Location
- 2170 South Sheridan Way Mississauga, Ontario, L5J 2M4 Canada

Information
- School type: Catholic School, High School
- Religious affiliation: Catholic
- Founded: 1993
- School board: Dufferin-Peel Catholic District School Board
- Superintendent: Silvana Gos
- Area trustee: Sharon Hobin, Mario Pascucci
- Principal: .
- Grades: 9 to 12
- Enrolment: About 750
- Language: English, programs include French, Spanish
- Campus: Suburban
- Area: Clarkson
- Colours: White, teal and orange
- Team name: Iona Dolphins
- Website: www.dpcdsb.org/IONAS/

= Iona Catholic Secondary School =

Catholic high school in Mississauga, Canada

Iona Catholic Secondary School is a high school in Mississauga, Ontario. It is one of three regional art schools in the Dufferin-Peel Catholic District School Board enrolling students from the Clarkson and Lorne Park neighborhoods.

==Arts program==
In 2007 Iona began the Regional Arts Program for grade nine students, allowing them to take Drama, Dance, Art or Music as their major.
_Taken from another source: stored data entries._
Lemma config_merge D1 D2 : valid D1 -> valid D2 ->
  exists D, valid D /\
  exists (i1 : {ffun 'I_(cf_new D1 + cf_old D1) -> 'I_(cf_new D + cf_old D)})
         (i2 : {ffun 'I_(cf_new D2 + cf_old D2) -> 'I_(cf_new D + cf_old D)}),
  [/\ tuple_subst i1 (cf_tuple D) = cf_tuple D1, tuple_subst i2 (cf_tuple D) = cf_tuple D2 &
      ms_le (premise D) (ms_meet (ms_subst i1 (premise D1)) (ms_subst i2 (premise D2)))].
Proof.
move=> vD1 vD2; have [_ _ posE1 _ diag1] := vD1; have [_ _ posE2 _ diag2] := vD2.
have [p [d [o1 [o2 [d_inj Eo1 Eo2]]]]] := tuple_cover2 (cf_elt D1) (cf_elt D2).
have [m [w [n1 [n2 [w_inj En1 En2 n_onto]]]]] := injective_cover2 (cf_req D1) (cf_req D2).
have Ei1 := merge_tuple Eo1 En1; have Ei2 := merge_tuple Eo2 En2.
have posE i : exists B, tuple_subst B (layout d w) = snoc (emb inl (rq_tuple (w i))) (inr (w i)).
  have [[j <-]|[j <-]] := n_onto i.
    by rewrite En1; exists (comp_fun (pos_map o1 n1) (cf_pos D1 j)); rewrite -tuple_subst_comp Ei1.
  by rewrite En2; exists (comp_fun (pos_map o2 n2) (cf_pos D2 j)); rewrite -tuple_subst_comp Ei2.
pose B i := sval (cid (posE i)); have EB i : _ = _ := svalP (cid (posE i)).
have factE i : exists g, rq_filter (w i) g /\
    (forall j, n1 j = i -> ms_le (ms_subst (B i) g)
       (ms_subst (comp_fun (pos_map o1 n1) (cf_pos D1 j)) (cf_fact D1 j))) /\
    (forall j, n2 j = i -> ms_le (ms_subst (B i) g)
       (ms_subst (comp_fun (pos_map o2 n2) (cf_pos D2 j)) (cf_fact D2 j))).
  have [g1 [wg1 le1]] := merge_fact d_inj w_inj vD1 Eo1 En1 (EB i).
  have [g2 [wg2 le2]] := merge_fact d_inj w_inj vD2 Eo2 En2 (EB i).
  exists (ms_meet g1 g2); split; first exact: rq_filterI.
  by split=> j nj; [apply: ms_le_trans (le1 j nj)|apply: ms_le_trans (le2 j nj)];
    apply: ms_subst_le; [apply: ms_leIl|apply: ms_leIr].
pose g i := sval (cid (factE i)); have gE i : rq_filter (w i) (g i) /\ _ := svalP (cid (factE i)).
exists (@Config p m d w B g (ms_meet (ms_subst o1 (cf_diag D1)) (ms_subst o2 (cf_diag D2)))).
split.
  split=> //=; first by move=> i; case: (gE i).
  by apply/(relI HM1); split; apply/(rel_subst HM1); rewrite ?Eo1 ?Eo2.
exists (pos_map o1 n1), (pos_map o2 n2); split=> //.
apply: ms_lexI; apply: premise_le_pos_map => /=; do ?[exact: ms_leIl|exact: ms_leIr].
  by move=> j; case: (gE (n1 j)) => _ [+ _]; apply.
by move=> j; case: (gE (n2 j)) => _ [_ +]; apply.
Qed.
Lemma mem_staircase_of : I =1 staircase staircase_of.
Proof.
move=> [[a b] c]; rewrite /staircase /= mem_x0_free.
have F_lt : staircase_of c < d.+1 := staircase_of_le c.
case: (leqP (staircase_of c) b) => [Fb | bF].
  have := nth_find 0 (has_staircase_of c); rewrite nth_iota // add0n.
  by move/(I_ideal (0, b - staircase_of c, 0)); rewrite /madd /= !addn0 subnKC // => ->.
by have := before_find 0 bF; rewrite nth_iota ?add0n ?(ltn_trans bF) // => /negbTE.
Qed.

Lemma staircase_of_stair : stair staircase_of.
Proof.
move=> c; change (staircase staircase_of (0, (staircase_of c).-1, c.+1)).
have Fc_in : I (0, staircase_of c, c) by rewrite mem_staircase_of /staircase /=.
rewrite -mem_staircase_of; case: (posnP (staircase_of c)) => [F0 | F_gt0].
  by move: Fc_in => /(I_ideal (0, 0, 1)); rewrite /madd /= addn1 F0.
exact: I_borel.2 Fc_in F_gt0.
Qed.

Lemma staircase_of_eq0 c : d <= c -> staircase_of c = 0.
Proof.
move=> dc; apply/eqP; rewrite -leqn0 -[_ <= _]/(staircase staircase_of (0, 0, c)).
by rewrite -mem_staircase_of mem_deg_ge.
Qed.

Lemma staircase_seq_of n : d <= n ->
  exists s, [/\ I =1 staircase (nth 0 s), size s = n, all (fun x => x <= d) s,
                 stair_seq s & sumn s = d].
Proof.
move=> dn; exists (mkseq staircase_of n).
have nth_s : nth 0 (mkseq staircase_of n) =1 staircase_of.
  move=> c; case: (ltnP c n) => cn; first by rewrite nth_mkseq.
  by rewrite nth_default ?size_mkseq // staircase_of_eq0 // (leq_trans dn).
have I_s : I =1 staircase (nth 0 (mkseq staircase_of n)).
  by move=> m; rewrite mem_staircase_of /staircase nth_s.
split=> //; first exact: size_mkseq.
- by apply/allP => _ /mapP[c _ ->]; apply: staircase_of_le.
- by apply/allP => c _; rewrite !nth_s staircase_of_stair.
apply: hilb_poly_const_uniq (hilb_poly_staircase _) _.
by case: I_hilb => t0 hilb_d; exists t0 => t /hilb_d <-; rewrite (eq_hilb_fun I_s).
Qed.

End SaturatedBorel.

Definition weight (w : nat * nat) (m : mon) : nat := w.1 * m.1.2 + w.2 * m.2.

Definition lex_le (m n : mon) : Prop :=
  m.1.1 < n.1.1 \/ (m.1.1 = n.1.1 /\ (m.1.2 < n.1.2 \/ (m.1.2 = n.1.2 /\ m.2 <= n.2))).

Definition weight_le (w : nat * nat) (m n : mon) : Prop :=
  weight w m < weight w n \/ (weight w m = weight w n /\ lex_le m n).

Lemma weightD w m n : weight w (madd m n) = weight w m + weight w n.
Proof. by case: m n => [[a b] c] [[a' b'] c']; rewrite /weight /=; lia. Qed.

Lemma weight_le_term_order w : term_order (weight_le w).
Proof.
rewrite /term_order /weight_le /lex_le.
split; [|split; [|split; [|split; [|split]]]].
- by move=> m; right; lia.
- move=> [[a b] c] [[a' b'] c'] /=.
  by move: (weight w _) (weight w _) => x y le1 le2; congr (_, _, _); lia.
- move=> m n p; move: (weight w m) (weight w n) (weight w p) => x y z; lia.
- move=> m n; move: (weight w m) (weight w n) => x y; lia.
- move=> [[a b] c] [[a' b'] c'] [[a'' b''] c'']; rewrite !weightD /=.
  move: (weight w (a, b, c)) (weight w (a', b', c')) (weight w (a'', b'', c'')) => x y z; lia.
- move=> [[a b] c]; have -> : weight w (0, 0, 0) = 0 by rewrite /weight !muln0.
  by move: (weight w _) => x /=; lia.
Qed.

Lemma mem_terms m : m \in terms (deg m).
Proof.
case: m => [[a b] c]; rewrite /deg /=; set t := a + b + c.
have -> : c = t - a - b by rewrite /t; lia.
by apply: allpairs_f_dep; rewrite mem_iota /t; lia.
Qed.

Definition separates (w : nat * nat) (I : pred mon) (t : nat) : bool :=
  all (fun m => all (fun n => I m ==> I n || (weight w n < weight w m)) (terms t)) (terms t).

Lemma separates_segment w (I : pred mon) t :
  separates w I t -> segment (weight_le w) t I.
Proof.
move=> sep m n dm dn mI mn; subst t; apply/negPn/negP => nI.
move: sep => /allP/(_ m (mem_terms m))/allP/(_ n); rewrite -dn mem_terms mI (negbTE nI).
by move/(_ isT); move: mn; rewrite /weight_le; lia.
Qed.

Fixpoint all_seqs_below (n k : nat) (P : pred (seq nat)) : bool :=
  if n is n'.+1 then all (fun x => all_seqs_below n' k (fun s => P (x :: s))) (iota 0 k)
  else P [::].

Lemma all_seqs_belowP n k (P : pred (seq nat)) s :
  all_seqs_below n k P -> size s = n -> all (fun x => x < k) s -> P s.
Proof.
elim: n P s => [|n IH] P [|x s] //= P_all [size_s] /andP[xk s_lt].
by move/allP: P_all => /(_ x); rewrite mem_iota xk => /(_ isT)/IH; apply.
Qed.

Definition weights : seq (nat * nat) :=
  [:: (1, 1); (1, 2); (1, 3); (1, 4); (1, 5); (1, 6); (2, 3)].

(* The test is an [if] rather than [==>] so that, under call-by-value evaluation,
   separation is only computed for the few genuine staircases. *)
Lemma small_staircases_separated :
  all (fun d => all_seqs_below 6 7 (fun s =>
         if stair_seq s && (sumn s == d)
         then has (fun w => separates w (staircase (nth 0 s)) d) weights else true))
      (iota 1 6).
Proof. by vm_compute. Qed.

Lemma small_borel_hilb_segment d : 1 <= d <= 6 ->
  forall I : pred mon,
    monomial_ideal I -> borel I -> saturated I -> hilb_poly_const I d ->
    exists le : mon -> mon -> Prop, term_order le /\ hilb_segment_const I d le.
Proof.
move=> d_range I I_ideal I_borel I_sat I_hilb; have /andP[_ d_le6] := d_range.
have [s [I_s size_s s_le stair_s sum_s]] := staircase_seq_of I_ideal I_borel I_sat I_hilb d_le6.
have s_lt7 : all (fun x => x < 7) s by apply/allP => x /(allP s_le) /leq_ltn_trans; apply.
have /allP/(_ d) := small_staircases_separated; rewrite mem_iota add1n ltnS d_range.
move=> /(_ isT)/all_seqs_belowP/(_ size_s s_lt7); rewrite stair_s sum_s eqxx.
move=> /hasP[w _ /separates_segment seg_s].
exists (weight_le w); split; first exact: weight_le_term_order.
split=> //.
  by exists (0, d, 0); apply: (mem_deg_ge I_ideal I_borel I_sat I_hilb); rewrite addn0.
by move=> m n dm dn; rewrite !I_s; apply: seg_s.
Qed.

Lemma staircase_counterexample s d s1 s2 t1 t2 (J := staircase (nth 0 s)) :
  stair (nth 0 s) -> sumn s = d ->
  deg s1 = d -> deg s2 = d -> deg t1 = d -> deg t2 = d ->
  ~~ J s1 -> ~~ J s2 -> J t1 -> J t2 -> madd s1 s2 = madd t1 t2 ->
  exists I : pred mon,
    [/\ monomial_ideal I, borel I, saturated I, hilb_poly_const I d &
        forall le : mon -> mon -> Prop, term_order le -> ~ hilb_segment_const I d le].
Proof.
move=> stair_s <- ds1 ds2 dt1 dt2 s1J s2J t1J t2J E; exists J; split.
- exact: staircase_ideal.
- exact: staircase_borel.
- exact: staircase_saturated.
- exact: hilb_poly_staircase.
move=> le le_order [_ _ _ seg].
exact: (segment_exchange le_order seg ds1 ds2 dt1 dt2 s1J s2J t1J t2J E).
Qed.

Lemma large_borel_not_hilb_segment d : 7 <= d ->
  exists I : pred mon,
    [/\ monomial_ideal I, borel I, saturated I, hilb_poly_const I d &
        forall le : mon -> mon -> Prop, term_order le -> ~ hilb_segment_const I d le].
Proof.
rewrite leq_eqVlt => /orP[/eqP <- | d_ge8].
  apply: (@staircase_counterexample [:: 4; 3] 7 (4, 2, 1) (4, 2, 1) (3, 4, 0) (5, 0, 2)) => //.
  by case=> [|[|c]].
apply: (@staircase_counterexample [:: d - 3; 2; 1] d
          (d - 2, 0, 2) (4, d - 4, 0) (d - 3, 2, 1) (5, d - 6, 1));
  rewrite /staircase /deg /madd /=; try lia.
- by case=> [|[|[|c]]] /=; rewrite ?nth_nil //; lia.
- by congr (_, _, _); lia.
Qed.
Students submit portfolios, get interviewed and perform to be considered for entry. Iona hosts Arts Night in the Living Arts Centre.

==SHSM programs==
The school currently offers three Specialist High Skill Majors, including Art, Justice, and Business (Marketing). Students enter the program in grade 11 and take a number of mandatory courses and certifications, resulting in a special designation on their Ontario Secondary School Diploma.

==Sports==
In 2011, the boys' baseball team won the ROPSSAA (Region of Peel) title, the first baseball title won by the school.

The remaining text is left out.